For years my husband and I swam every day of the year at Coopers Beach and also fossicked. We found all sorts of treasures: petrified wood and coconuts, the bowl of a clay pipe with a hole for a flax cord, a natural Māori sinker, pieces of whale bone and whalers’ china, kauri gum, seeds from a tropical shrub or tree, the bottom of a Māori digging stick, and a very firm ball of pine needles which had rolled over the sand hills gathering more and more needles. From various far-north beaches we also collected a huge variety of shells.

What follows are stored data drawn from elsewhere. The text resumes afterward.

(* Order the basis vectors lexicographically by (level, reversed block), encoded
   as the number [key]. Then N is the group of matrices that are unitriangular
   for this order, X sends each basis vector to one whose key is smaller by
   exactly r+1, and u_X consists of the maps lowering keys by at least r+2.
   Hence conjugating X by N only changes entries that lower keys by r+2 or more,
   and the fibres of n |-> nXn^-1 - X are the cosets of the stabiliser N_X.
   For surjectivity, Z = X + Y is again a sigma-linear map lowering levels:
   fixing the top vector of each chain and sending e^(i-1) to Z of the image of
   e^i defines n with nX = Zn, and n is unitriangular because Z - X lowers keys
   by at least r+2. *)

Lemma mulmx1_invmx (R : comUnitRingType) m (A B : 'M[R]_m) :
  A *m B = 1%:M -> invmx A = B.
Proof.
move=> AB1; have [uA _] := mulmx1_unit AB1.
by rewrite -[invmx A]mulmx1 -AB1 mulmxA mulVmx // mul1mx.
Qed.

Lemma col_mulmx (R : pzRingType) p m n (A : 'M[R]_(p, m)) (B : 'M[R]_(m, n)) j :
  col j (A *m B) = A *m col j B.
Proof. by rewrite !colE mulmxA. Qed.

Lemma unitmx_map (R S : comUnitRingType) (f : {rmorphism R -> S}) m (A : 'M[R]_m) :
  A \in unitmx -> map_mx f A \in unitmx.
Proof. by rewrite !unitmxE det_map_mx; exact: rmorph_unit. Qed.

Section KeyFiltration.
Variables (R : comUnitRingType) (m : nat) (key : 'I_m -> nat).

(* Entry (q, p) is the e_q-coordinate of the image of e_p: [upper_mx s M] says
   that M lowers keys by at least s. *)
Definition upper_mx (s : nat) (M : 'M[R]_m) :=
  forall q p, (key p < key q + s)%N -> M q p = 0.

Definition unitri_mx (M : 'M[R]_m) := upper_mx 1 (M - 1%:M).

Definition below_cv (K : nat) (v : 'cV[R]_m) := forall q, (K <= key q)%N -> v q 0 = 0.

Lemma upper_mxW s t M : (s <= t)%N -> upper_mx t M -> upper_mx s M.
Proof. by move=> le_st hM q p lt_pq; apply: hM; lia. Qed.

Lemma upper_mx0 s : upper_mx s 0.
Proof. by move=> q p _; rewrite mxE. Qed.

Lemma upper_mxD s M N : upper_mx s M -> upper_mx s N -> upper_mx s (M + N).
Proof. by move=> hM hN q p lt_pq; rewrite mxE hM ?hN ?addr0. Qed.

Lemma upper_mxN s M : upper_mx s M -> upper_mx s (- M).
Proof. by move=> hM q p lt_pq; rewrite mxE hM ?oppr0. Qed.

Lemma upper_mx1 : upper_mx 0 1%:M.
Proof. by move=> q p; rewrite addn0 mxE; case: eqVneq => // ->; rewrite ltnn. Qed.

Lemma upper_mxM s t M N : upper_mx s M -> upper_mx t N -> upper_mx (s + t) (M *m N).
Proof.
move=> hM hN q p lt_pq; rewrite mxE big1 // => a _.
have [lt_aq | le_qa] := ltnP (key a) (key q + s); first by rewrite hM ?mul0r.
by rewrite hN ?mulr0 //; lia.
Qed.

Lemma upper_mx_eq0 M : upper_mx (\max_q key q).+1 M -> M = 0.
Proof.
move=> hM; apply/matrixP => q p; rewrite mxE hM //.
by have : (key p <= \max_q key q)%N := leq_bigmax p; lia.
Qed.

Lemma unitri_mxP M : unitri_mx M <-> forall q p, (key p <= key q)%N -> M q p = (q == p)%:R.
Proof.
split=> hM q p le_pq.
  by apply/eqP; rewrite -subr_eq0; have := hM q p; rewrite addn1 ltnS !mxE => ->.
by rewrite !mxE hM ?subrr //; lia.
Qed.

Lemma unitri_upper_mx0 M : unitri_mx M -> upper_mx 0 M.
Proof.
move=> hM; rewrite -[M](subrK 1%:M).
by apply: upper_mxD upper_mx1; exact: upper_mxW hM.
Qed.

Lemma unitri_mxM M N : unitri_mx M -> unitri_mx N -> unitri_mx (M *m N).
Proof.
move=> hM hN; have hN0 := unitri_upper_mx0 hN.
rewrite /unitri_mx; have -> : M *m N - 1%:M = (M - 1%:M) *m N + (N - 1%:M).
  by rewrite mulmxBl mul1mx addrA subrK.
by apply: upper_mxD hN; rewrite -[1%N]addn0; exact: upper_mxM hN0.
Qed.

Our greatest find, though, was a huge collection of moa bones. We were swimming at Henderson Bay, in 1976 I think, and noticed something white in the sand hills. We investigated and found a Māori oven and lots of bones. The Auckland Museum looked at some and told us most were moa and a few were sea lion, which interested them more.
Filled with enthusiasm, we returned often to Henderson Bay and walked the 6.5 kilometres of sand hills, finding more and more bones. On a plateau we found masses of moa eggshell, so this must once have been the home for many moa. One day I found a perfectly articulated half-skeleton of a moa in a sand hill, but we never found the other half. Obviously the sand hill had fallen, complete with bones.
A student studying for his doctorate in ornithology, Phil Millener, often stayed with us, with a motor bike on the back of his car. Up to Henderson Bay he went over and over again, to return with ‘There are no moa bones at Henderson Bay.’ We insisted that every moa bone we had came from there, and one day he excitedly returned with some.
Each time we returned from Henderson Bay I made a sketch of the site of each discovery, the date and so on. Each collection was boxed individually. Phil included a report on them in his thesis, in which he noted that our collection was the largest outside a museum.
In 1990, when I thought I was leaving Coopers Beach and felt the bones should remain in the Far North, I gifted them to the Far North Museum in Kaitāia, where they remain. Incidentally, Phil Millener now works at the Smithsonian Institution in the US.
Over a headland from Henderson Bay is little Kōwhai Bay. There, in a dried-up stream bed, we found what was obviously once a Māori workshop, with lots of obsidian shards used as knives, and a small greenstone adze. At Henderson Bay we also found a Māori skeleton buried in a sitting position. Having inspected it, we covered it up and never spoke of it.